# TASK TO CARRY OUT
Restate verbatim the span of lines below between the line with "Lemma adjoint_on_linear (M" and the line with "Lemma pos_sqrt_linear M", including those two lines, and only that span.
━━━ DATASET ━━━
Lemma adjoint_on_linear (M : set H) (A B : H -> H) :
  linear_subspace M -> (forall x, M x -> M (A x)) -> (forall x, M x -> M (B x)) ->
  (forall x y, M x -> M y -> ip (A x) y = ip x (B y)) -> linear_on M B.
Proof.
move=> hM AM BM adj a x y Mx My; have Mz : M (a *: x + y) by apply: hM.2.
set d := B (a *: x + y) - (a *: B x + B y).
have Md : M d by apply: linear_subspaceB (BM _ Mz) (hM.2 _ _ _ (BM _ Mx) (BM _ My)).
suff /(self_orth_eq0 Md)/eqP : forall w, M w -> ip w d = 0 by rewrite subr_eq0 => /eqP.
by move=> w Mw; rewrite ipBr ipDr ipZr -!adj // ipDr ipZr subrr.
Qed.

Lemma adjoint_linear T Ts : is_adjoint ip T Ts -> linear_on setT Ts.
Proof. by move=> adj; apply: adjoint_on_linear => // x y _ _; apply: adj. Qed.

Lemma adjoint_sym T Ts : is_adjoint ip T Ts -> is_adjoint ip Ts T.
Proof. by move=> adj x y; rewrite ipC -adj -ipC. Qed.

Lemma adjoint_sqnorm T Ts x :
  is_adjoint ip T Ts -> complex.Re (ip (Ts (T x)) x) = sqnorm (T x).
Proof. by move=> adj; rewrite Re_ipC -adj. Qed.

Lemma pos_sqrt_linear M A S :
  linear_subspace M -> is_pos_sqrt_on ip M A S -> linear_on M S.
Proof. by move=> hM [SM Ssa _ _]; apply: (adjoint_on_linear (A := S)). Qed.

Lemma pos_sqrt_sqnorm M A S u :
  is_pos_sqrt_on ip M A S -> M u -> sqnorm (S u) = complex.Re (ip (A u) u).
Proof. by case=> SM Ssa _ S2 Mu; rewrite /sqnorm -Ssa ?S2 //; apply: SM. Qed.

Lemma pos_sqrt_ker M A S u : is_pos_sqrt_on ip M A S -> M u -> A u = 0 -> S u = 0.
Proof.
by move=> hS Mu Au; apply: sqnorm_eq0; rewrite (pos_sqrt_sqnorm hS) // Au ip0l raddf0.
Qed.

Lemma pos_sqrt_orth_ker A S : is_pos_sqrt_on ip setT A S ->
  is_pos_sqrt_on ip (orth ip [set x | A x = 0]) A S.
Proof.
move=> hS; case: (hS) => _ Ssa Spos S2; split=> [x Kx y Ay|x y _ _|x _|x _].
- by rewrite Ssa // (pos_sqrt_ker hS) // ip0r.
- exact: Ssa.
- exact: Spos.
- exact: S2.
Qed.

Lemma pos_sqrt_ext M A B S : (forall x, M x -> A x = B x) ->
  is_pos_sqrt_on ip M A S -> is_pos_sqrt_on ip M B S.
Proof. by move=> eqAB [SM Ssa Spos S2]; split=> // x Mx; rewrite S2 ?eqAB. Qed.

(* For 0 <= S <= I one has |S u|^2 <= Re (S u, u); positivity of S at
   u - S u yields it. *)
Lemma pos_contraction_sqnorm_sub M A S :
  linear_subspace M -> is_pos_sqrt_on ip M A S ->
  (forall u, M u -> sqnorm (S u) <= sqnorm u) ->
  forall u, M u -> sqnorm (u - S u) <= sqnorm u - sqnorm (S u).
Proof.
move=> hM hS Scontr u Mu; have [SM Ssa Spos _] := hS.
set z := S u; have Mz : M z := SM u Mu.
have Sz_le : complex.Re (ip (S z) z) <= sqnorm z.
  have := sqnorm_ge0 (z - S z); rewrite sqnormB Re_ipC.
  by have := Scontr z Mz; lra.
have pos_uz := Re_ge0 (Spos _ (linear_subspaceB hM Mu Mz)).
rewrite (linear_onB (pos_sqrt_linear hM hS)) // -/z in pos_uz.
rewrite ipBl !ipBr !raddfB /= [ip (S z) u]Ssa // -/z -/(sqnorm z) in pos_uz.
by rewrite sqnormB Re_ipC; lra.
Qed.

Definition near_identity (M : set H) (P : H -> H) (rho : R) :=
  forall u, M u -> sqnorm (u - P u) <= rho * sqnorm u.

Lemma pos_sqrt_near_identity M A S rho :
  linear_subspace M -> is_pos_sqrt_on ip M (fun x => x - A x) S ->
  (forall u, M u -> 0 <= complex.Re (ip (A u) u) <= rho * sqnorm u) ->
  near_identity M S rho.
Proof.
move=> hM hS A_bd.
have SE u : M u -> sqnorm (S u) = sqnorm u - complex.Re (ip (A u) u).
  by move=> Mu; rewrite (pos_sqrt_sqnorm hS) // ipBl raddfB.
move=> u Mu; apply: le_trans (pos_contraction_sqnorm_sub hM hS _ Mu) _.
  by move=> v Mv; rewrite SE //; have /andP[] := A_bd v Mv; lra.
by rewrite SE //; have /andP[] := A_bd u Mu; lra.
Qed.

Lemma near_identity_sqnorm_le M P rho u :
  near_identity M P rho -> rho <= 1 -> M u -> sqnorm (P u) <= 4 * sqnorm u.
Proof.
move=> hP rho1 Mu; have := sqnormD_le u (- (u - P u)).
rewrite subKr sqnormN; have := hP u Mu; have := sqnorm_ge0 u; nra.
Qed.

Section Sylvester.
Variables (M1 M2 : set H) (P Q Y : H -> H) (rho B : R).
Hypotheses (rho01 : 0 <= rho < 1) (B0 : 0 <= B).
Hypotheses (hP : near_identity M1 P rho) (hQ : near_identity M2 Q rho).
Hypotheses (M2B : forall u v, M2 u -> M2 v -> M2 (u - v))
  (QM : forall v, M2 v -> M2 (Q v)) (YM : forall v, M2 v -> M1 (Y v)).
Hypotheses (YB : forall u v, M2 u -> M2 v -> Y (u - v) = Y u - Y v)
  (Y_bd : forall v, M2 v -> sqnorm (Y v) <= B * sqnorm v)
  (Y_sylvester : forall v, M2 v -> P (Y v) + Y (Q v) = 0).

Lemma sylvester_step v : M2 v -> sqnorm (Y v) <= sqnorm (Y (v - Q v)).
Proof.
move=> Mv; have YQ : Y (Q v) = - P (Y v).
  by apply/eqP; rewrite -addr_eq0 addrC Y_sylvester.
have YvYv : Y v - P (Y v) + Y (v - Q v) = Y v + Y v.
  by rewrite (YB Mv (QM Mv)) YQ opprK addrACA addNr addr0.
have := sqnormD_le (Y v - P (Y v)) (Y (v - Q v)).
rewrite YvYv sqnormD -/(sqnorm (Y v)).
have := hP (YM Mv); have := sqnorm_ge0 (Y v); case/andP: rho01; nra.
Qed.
━━━
━━━ DATASET ━━━
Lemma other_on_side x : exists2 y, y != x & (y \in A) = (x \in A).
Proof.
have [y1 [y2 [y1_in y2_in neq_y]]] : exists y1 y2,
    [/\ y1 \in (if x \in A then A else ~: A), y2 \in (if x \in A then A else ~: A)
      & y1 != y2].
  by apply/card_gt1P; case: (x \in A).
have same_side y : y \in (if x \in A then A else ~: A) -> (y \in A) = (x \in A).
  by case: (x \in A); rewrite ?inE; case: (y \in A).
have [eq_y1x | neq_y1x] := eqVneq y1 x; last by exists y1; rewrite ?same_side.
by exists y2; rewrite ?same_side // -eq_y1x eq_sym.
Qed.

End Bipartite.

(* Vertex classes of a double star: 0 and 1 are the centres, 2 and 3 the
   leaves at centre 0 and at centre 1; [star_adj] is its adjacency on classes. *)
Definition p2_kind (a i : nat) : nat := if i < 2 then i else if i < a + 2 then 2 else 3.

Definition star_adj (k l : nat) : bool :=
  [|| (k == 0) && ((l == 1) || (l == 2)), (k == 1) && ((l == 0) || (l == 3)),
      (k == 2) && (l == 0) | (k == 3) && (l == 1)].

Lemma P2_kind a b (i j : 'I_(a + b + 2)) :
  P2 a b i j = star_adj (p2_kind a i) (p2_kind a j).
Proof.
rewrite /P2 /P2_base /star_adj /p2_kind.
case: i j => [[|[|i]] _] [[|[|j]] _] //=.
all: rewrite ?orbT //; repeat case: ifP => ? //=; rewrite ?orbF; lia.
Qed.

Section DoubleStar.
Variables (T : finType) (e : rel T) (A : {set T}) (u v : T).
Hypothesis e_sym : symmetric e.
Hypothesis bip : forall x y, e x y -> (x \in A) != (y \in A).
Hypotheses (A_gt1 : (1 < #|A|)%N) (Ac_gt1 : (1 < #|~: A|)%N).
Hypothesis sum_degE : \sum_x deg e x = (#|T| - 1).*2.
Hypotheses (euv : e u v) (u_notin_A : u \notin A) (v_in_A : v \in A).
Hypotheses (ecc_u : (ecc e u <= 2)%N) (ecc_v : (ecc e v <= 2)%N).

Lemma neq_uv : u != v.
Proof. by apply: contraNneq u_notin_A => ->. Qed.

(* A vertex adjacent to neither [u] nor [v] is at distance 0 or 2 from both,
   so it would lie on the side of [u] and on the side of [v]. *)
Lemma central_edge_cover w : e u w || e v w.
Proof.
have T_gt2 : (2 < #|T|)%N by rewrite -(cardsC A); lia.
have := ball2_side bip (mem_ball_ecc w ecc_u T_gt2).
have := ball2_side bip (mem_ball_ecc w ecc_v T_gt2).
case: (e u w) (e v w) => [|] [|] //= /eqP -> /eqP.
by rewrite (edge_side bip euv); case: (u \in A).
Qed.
━━━
# REPLY TO THE TASK
Lemma adjoint_on_linear (M : set H) (A B : H -> H) :
  linear_subspace M -> (forall x, M x -> M (A x)) -> (forall x, M x -> M (B x)) ->
  (forall x y, M x -> M y -> ip (A x) y = ip x (B y)) -> linear_on M B.
Proof.
move=> hM AM BM adj a x y Mx My; have Mz : M (a *: x + y) by apply: hM.2.
set d := B (a *: x + y) - (a *: B x + B y).
have Md : M d by apply: linear_subspaceB (BM _ Mz) (hM.2 _ _ _ (BM _ Mx) (BM _ My)).
suff /(self_orth_eq0 Md)/eqP : forall w, M w -> ip w d = 0 by rewrite subr_eq0 => /eqP.
by move=> w Mw; rewrite ipBr ipDr ipZr -!adj // ipDr ipZr subrr.
Qed.

Lemma adjoint_linear T Ts : is_adjoint ip T Ts -> linear_on setT Ts.
Proof. by move=> adj; apply: adjoint_on_linear => // x y _ _; apply: adj. Qed.

Lemma adjoint_sym T Ts : is_adjoint ip T Ts -> is_adjoint ip Ts T.
Proof. by move=> adj x y; rewrite ipC -adj -ipC. Qed.

Lemma adjoint_sqnorm T Ts x :
  is_adjoint ip T Ts -> complex.Re (ip (Ts (T x)) x) = sqnorm (T x).
Proof. by move=> adj; rewrite Re_ipC -adj. Qed.

Lemma pos_sqrt_linear M A S :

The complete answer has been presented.